» **Recorded information**
(* Let \((G,\hat{k})\) be an instance with \(\mathrm{surplus}(G)\ge 2\) given to one of Branching Rules 1 or 2 (which applies to it), and let \((G_i,\hat{k}_i)\) be any instance output by the rule. Then \(\hat{k}_i\leq\hat{k}-1\).
   Context: All graphs are finite, undirected and simple. \(MM(G)\) is the size of a maximum matching; \(LP(G)\) is the optimum value of the LP: minimize \(\sum_v x_v\) subject to \(x_u+x_v\ge1\) for each edge \(\{u,v\}\) and \(0\le x_v\le1\). \(\mathrm{surplus}(G)\) is the minimum of \(|N(Z)|-|Z|\) over nonempty independent sets \(Z\), where \(N(Z)\) is the set of vertices outside \(Z\) adjacent to \(Z\). For an instance \((G,\hat{k})\), let \(k=(2LP(G)-MM(G))+\hat{k}\), so \(\hat{k}=k+MM(G)-2LP(G)\). The Gallai–Edmonds decomposition of a graph \(H\) is \(V(H)=O\uplus I\uplus P\) where \(O\) is the set of vertices left unsaturated by some maximum matching of \(H\), \(I=N(O)\), \(P=V(H)\setminus(O\cup I)\). \(G\setminus X\) denotes \(G[V(G)\setminus X]\). With \(O\uplus I\uplus P\) the Gallai–Edmonds decomposition of \(G\): Branching Rule 1 applies iff \(G[I\cup P]\) has an edge \(\{u,v\}\); it outputs \((G_1,\hat{k}_1),(G_2,\hat{k}_2)\) with \(G_1=G\setminus\{u\}\), \(G_2=G\setminus\{v\}\), \(k_i=k-1\), \(\hat{k}_i=k_i+MM(G_i)-2LP(G_i)\). Branching Rule 2 applies iff Rule 1 does not: pick \(u\in O\) with two neighbours \(v,w\in O\); let \(G'=G\setminus\{u\}\) with Gallai–Edmonds decomposition \(O'\uplus I'\uplus P'\), and pick an edge \(\{x,y\}\) of \(G'[P']\); output \((G_1,\hat{k}_1),(G_2,\hat{k}_2),(G_3,\hat{k}_3)\) with \(G_1=G\setminus\{v,w\}\), \(G_2=G'\setminus\{x\}\), \(G_3=G'\setminus\{y\}\), \(k_i=k-2\), \(\hat{k}_i=k_i+MM(G_i)-2LP(G_i)\). *)

From HB Require Import structures.
From mathcomp Require Import all_boot all_order all_algebra.
From mathcomp Require Import boolp classical_sets reals.
Set Implicit Arguments. Unset Strict Implicit. Unset Printing Implicit Defensive.
Import Order.TTheory GRing.Theory Num.Theory.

» **Directions**
Each line of the material that contains "Import" is to be counted, and only the total stated.

» **Written answer**
4